Штаб управления Севдвинлагом находился в городе Вельске. Несколько зданий обнесено штакетником. В каждом доме свой отдел. Я под конвоем неоднократно ездил в санотдел и за медикаментами на центральную базу. В санотделе завел дружбу с инспектором отдела Квасовым и начальником аптекоуправления Якушевым. Благодаря товарищеским отношениям с ними, я получал медикаментов значительно больше, чем другие. Но и я помогал им изделиями из нашего ширпотреба. Передал пару валенок и кожу - хром на сапоги. Хорошие отношения сложились с начальником САНО капитаном медслужбы Максимовым и его замом Ф.И. Воробей. Эта "малая птичка" Воробей имел вес около 120 килограммов. Живот почти на полметра отстоял от стола. Он любил слушать анекдоты, громко смеялся и своим добродушным голосом рассказывал анекдоты сам.

Ко мне лечиться приходили члены семей вольнонаемных работников, охраны и частенько вызывали на дом.

Безконвойное хождение вне пределов охраняемой зоны лагеря, давало существенное преимущество. Конечно, всегда контролировалось, куда пошел и зачем. Должен вовремя вернуться, проверялось, что несешь с собой. Но это уже не так важно. Причину придумать несложно. Я ходил в лес собирать грибы, ягоды, купался в речке.

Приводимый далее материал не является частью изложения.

(* Let $\mathbb{K}$ be a field of characteristic $0$, $I\subset\mathbb{K}[x_1,\dots,x_n]$ a full monomial ideal with $\mathbb{K}[\mathbf{x}]/I$ finite-dimensional, and $\mathfrak{g}=\operatorname{Der}(\mathbb{K}[\mathbf{x}]/I)=\bigoplus_{\alpha\in\mathbb{Z}^n}\mathfrak{g}_\alpha$ its weight decomposition. Let $\alpha\in\mathbb{Z}^n$. Then: (1) If $\alpha\in\mathbb{Z}_{\ge0}^n$, then $\dim\mathfrak{g}_\alpha=\#E_\alpha$. (2) If $\alpha\notin\mathbb{Z}_{\ge0}^n$, $\alpha+e_k\in\mathbb{Z}_{\ge0}^n$ for some $1\le k\le n$, and $\dim\mathfrak{g}_{\alpha+e_k}=0$, then $\dim\mathfrak{g}_\alpha=\#E_\alpha$; moreover this number equals $1$ if $\alpha+e_k\in\operatorname{supp}^c(I)$ and $0$ otherwise.
   Context: Let $e_1,\dots,e_n$ be the standard basis of $\mathbb{Z}^n$. For a monomial ideal $I\subset\mathbb{K}[\mathbf{x}]$, $\operatorname{supp}(I)=\{m\in\mathbb{Z}^n_{\ge0}\mid \mathbf{x}^m\in I\}$ and $\operatorname{supp}^c(I)=\mathbb{Z}^n_{\ge0}\setminus\operatorname{supp}(I)$. $I$ is full if $x_i\notin I$ for all $i$. The algebra $\mathbb{K}[\mathbf{x}]/I$ is $\mathbb{Z}^n$-graded with $\bar{\mathbf{x}}^m$ (image of $\mathbf{x}^m$) of degree $m$, equivalently the torus $T=\mathbb{G}_m^n$ acts by $\mathbf{t}\cdot x_i=t_ix_i$. $\operatorname{Der}(\mathbb{K}[\mathbf{x}]/I)$ is the Lie algebra of $\mathbb{K}$-derivations (equal to the Lie algebra of $\operatorname{Aut}_{\mathbb{K}}(\mathbb{K}[\mathbf{x}]/I)$), and for $\alpha\in\mathbb{Z}^n$, $\mathfrak{g}_\alpha$ is the weight space for the adjoint action of $T$, i.e. the space of derivations $\partial$ with $\partial(\bar{\mathbf{x}}^m)\in\mathbb{K}\,\bar{\mathbf{x}}^{m+\alpha}$ for all $m\in\mathbb{Z}^n_{\ge0}$ (where $\bar{\mathbf{x}}^{m+\alpha}:=0$ if $m+\alpha\notin\mathbb{Z}^n_{\ge0}$). For $\alpha\in\mathbb{Z}^n$, $E_\alpha:=\{e_i\mid \alpha+e_i\in\operatorname{supp}^c(I)\}$. *)

From HB Require Import structures.
From mathcomp Require Import all_boot all_order all_algebra.
From mathcomp Require Import mpoly.
Set Implicit Arguments. Unset Strict Implicit. Unset Printing Implicit Defensive.
Import Order.TTheory GRing.Theory Num.Theory.
Local Open Scope ring_scope.

Section Defs.
Variables (K : fieldType) (n : nat).
Local Notation P := {mpoly K[n]}.
Implicit Types (I : pred P) (D : P -> P).

Definition is_ideal I :=
  [/\ (0 : P) \in I,
      (forall p q, p \in I -> q \in I -> p + q \in I) &
      (forall a p, p \in I -> a * p \in I)].

(** Monomial ideal: an ideal containing every monomial of each of its elements
    (equivalently, an ideal generated by monomials). *)
Definition is_monomial_ideal I :=
  is_ideal I /\
  (forall p, p \in I -> forall m, m \in msupp p -> 'X_[m] \in I).

Definition full_ideal I := forall i : 'I_n, 'X_i \notin I.

Definition quot_findim I :=
  exists s : seq P, forall p : P,
    exists c : 'I_(size s) -> K, p - \sum_(j < size s) c j *: s`_j \in I.

Definition nonneg (v : 'I_n -> int) := forall i, 0 <= v i.

Definition to_mon (v : 'I_n -> int) : option 'X_{1..n} :=
  if [forall i, 0 <= v i] then Some [multinom absz (v i) | i < n] else None.

(** bar x^v in K[x]/I (represented by a polynomial), := 0 if v is not >= 0. *)
Definition xbar (v : 'I_n -> int) : P :=
  if to_mon v is Some m then 'X_[m] else 0.

Definition in_suppc I (v : 'I_n -> int) : bool :=
  if to_mon v is Some m then 'X_[m] \notin I else false.

Definition vadd_int (a b : 'I_n -> int) : 'I_n -> int := fun i => a i + b i.
Definition unitv (k : 'I_n) : 'I_n -> int := fun i => (i == k)%:R.
Definition mon_int (m : 'X_{1..n}) : 'I_n -> int := fun i => (m i)%:Z.

(** A K-linear self-map of K[x]/I, given through a map on representatives
    that respects congruence modulo I, which is a K-derivation of K[x]/I. *)
Definition is_der_quot I D :=
  [/\ (forall p q, p - q \in I -> D p - D q \in I),
      (forall p q, D (p + q) - (D p + D q) \in I),
      (forall (c : K) p, D (c *: p) - c *: D p \in I) &
      (forall p q, D (p * q) - (p * D q + D p * q) \in I)].

Definition in_weight I (alpha : 'I_n -> int) D :=
  is_der_quot I D /\
  forall m : 'X_{1..n}, exists c : K,
      D 'X_[m] - c *: xbar (vadd_int (mon_int m) alpha) \in I.

(** dim g_alpha = d : there are d elements of g_alpha whose classes (maps on
    K[x]/I) are linearly independent and span g_alpha. *)
Definition weight_dim I (alpha : 'I_n -> int) (d : nat) :=
  exists b : 'I_d -> P -> P,
    [/\ (forall j, in_weight I alpha (b j)),
        (forall c : 'I_d -> K,
           (forall p, \sum_(j < d) c j *: b j p \in I) -> forall j, c j = 0) &
        (forall D, in_weight I alpha D ->
           exists c : 'I_d -> K, forall p, D p - \sum_(j < d) c j *: b j p \in I)].

Definition E_set I (alpha : 'I_n -> int) : {set 'I_n} :=
  [set i : 'I_n | in_suppc I (vadd_int alpha (unitv i))].

End Defs.

From HB Require Import structures.
From mathcomp Require Import all_boot all_order all_algebra.
From mathcomp Require Import mpoly.
From mathcomp Require Import zify ring.
Import Order.TTheory GRing.Theory Num.Theory.
Local Open Scope ring_scope.
Set Implicit Arguments. Unset Strict Implicit.

(* A derivation of K[x]/I is determined modulo I by the images of the x_i
   (chain rule), and a weight-alpha derivation sends x_i to a multiple c_i of
   bar x^(alpha + e_i).  Hence it is congruent to the combination of the
   derivations bar x^(alpha + e_i) d/dx_i, in which only the i in E_alpha
   survive, and these are independent (evaluate at x_i).  It remains to see
   that these basic derivations are well defined modulo I and have weight
   alpha: this is clear when alpha >= 0; in the situation of (2) the only
   candidate is i = k, and the vanishing of g_(alpha + e_k) forces
   bar x^(alpha + e_k + e_i) into I for every i, which together with fullness
   makes bar x^(alpha + e_k) d/dx_k kill I. *)

Section IdealClosure.
Variables (K : fieldType) (n : nat) (I : pred {mpoly K[n]}).
Hypothesis idI : is_ideal I.
Local Notation P := {mpoly K[n]}.

Lemma ideal0 : (0 : P) \in I. Proof. by case: idI. Qed.

Lemma idealD p q : p \in I -> q \in I -> p + q \in I.
Proof. by case: idI => _ + _; apply. Qed.

Lemma idealMl a p : p \in I -> a * p \in I.
Proof. by case: idI => _ _; apply. Qed.

Lemma idealMr a p : p \in I -> p * a \in I.
Proof. by rewrite mulrC; apply: idealMl. Qed.

Lemma idealNE p : (- p \in I) = (p \in I).
Proof. by apply/idP/idP => /(idealMl (-1)); rewrite mulN1r ?opprK. Qed.

Lemma idealZ c p : p \in I -> c *: p \in I.
Proof. by rewrite -mul_mpolyC; apply: idealMl. Qed.

Lemma ideal_sum {T : Type} {r : seq T} {Q : pred T} {F : T -> P} :
  (forall x, Q x -> F x \in I) -> \sum_(x <- r | Q x) F x \in I.
Proof. by move=> FI; elim/big_rec: _ => [|x y /FI]; [exact: ideal0|apply: idealD]. Qed.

Я написал домой, дал адрес в Вельске жены и вот в 1946 году весной ко мне приехала мать. Сначала в Вельск к жене, а с ней ко мне. Официально свидания не разрешались и мы встречались в ближайшем лесочке. Надзиратель знал о встрече, но негласно разрешил. Мы с мамой встречались по несколько часов в день в течении недели,

 

- 169 -

затем она уехала. Я узнал о жизни в деревне, о смерти отца и многое другое. В деревне царила страшная нищета, полуголодное существование.

О встрече с мамой я написал следующее:

 

О, мать! Ты приехала в лагерь ко мне

В дни светлые Пасхи недели

Я встретить тебя бы хотел во дворце,

Но встретить пришлось под веткою ели.

Ты мне рассказала по тяжесть в пути,

Про горе свое и невзгоды.

Сто километров пришлось пройти

В твои престарелые года.

Истертые до крови ноги твои,

Оттянутые сумкою плечи.

Но радость горит в материнской груди

Услышать сыновьи речи.

О мама! Родная, надейся и жди,

Исполнятся радостно грёзы.     

Укрою тебя на своей я груди,

Утру материнские слезы,

 

Х Х Х

 

Спасибо, родная, за то что родила

Спасибо, родная, за совесть и честь

Спасибо, родная, что грудью вскормила

Спасибо, родная, за то, что ты есть.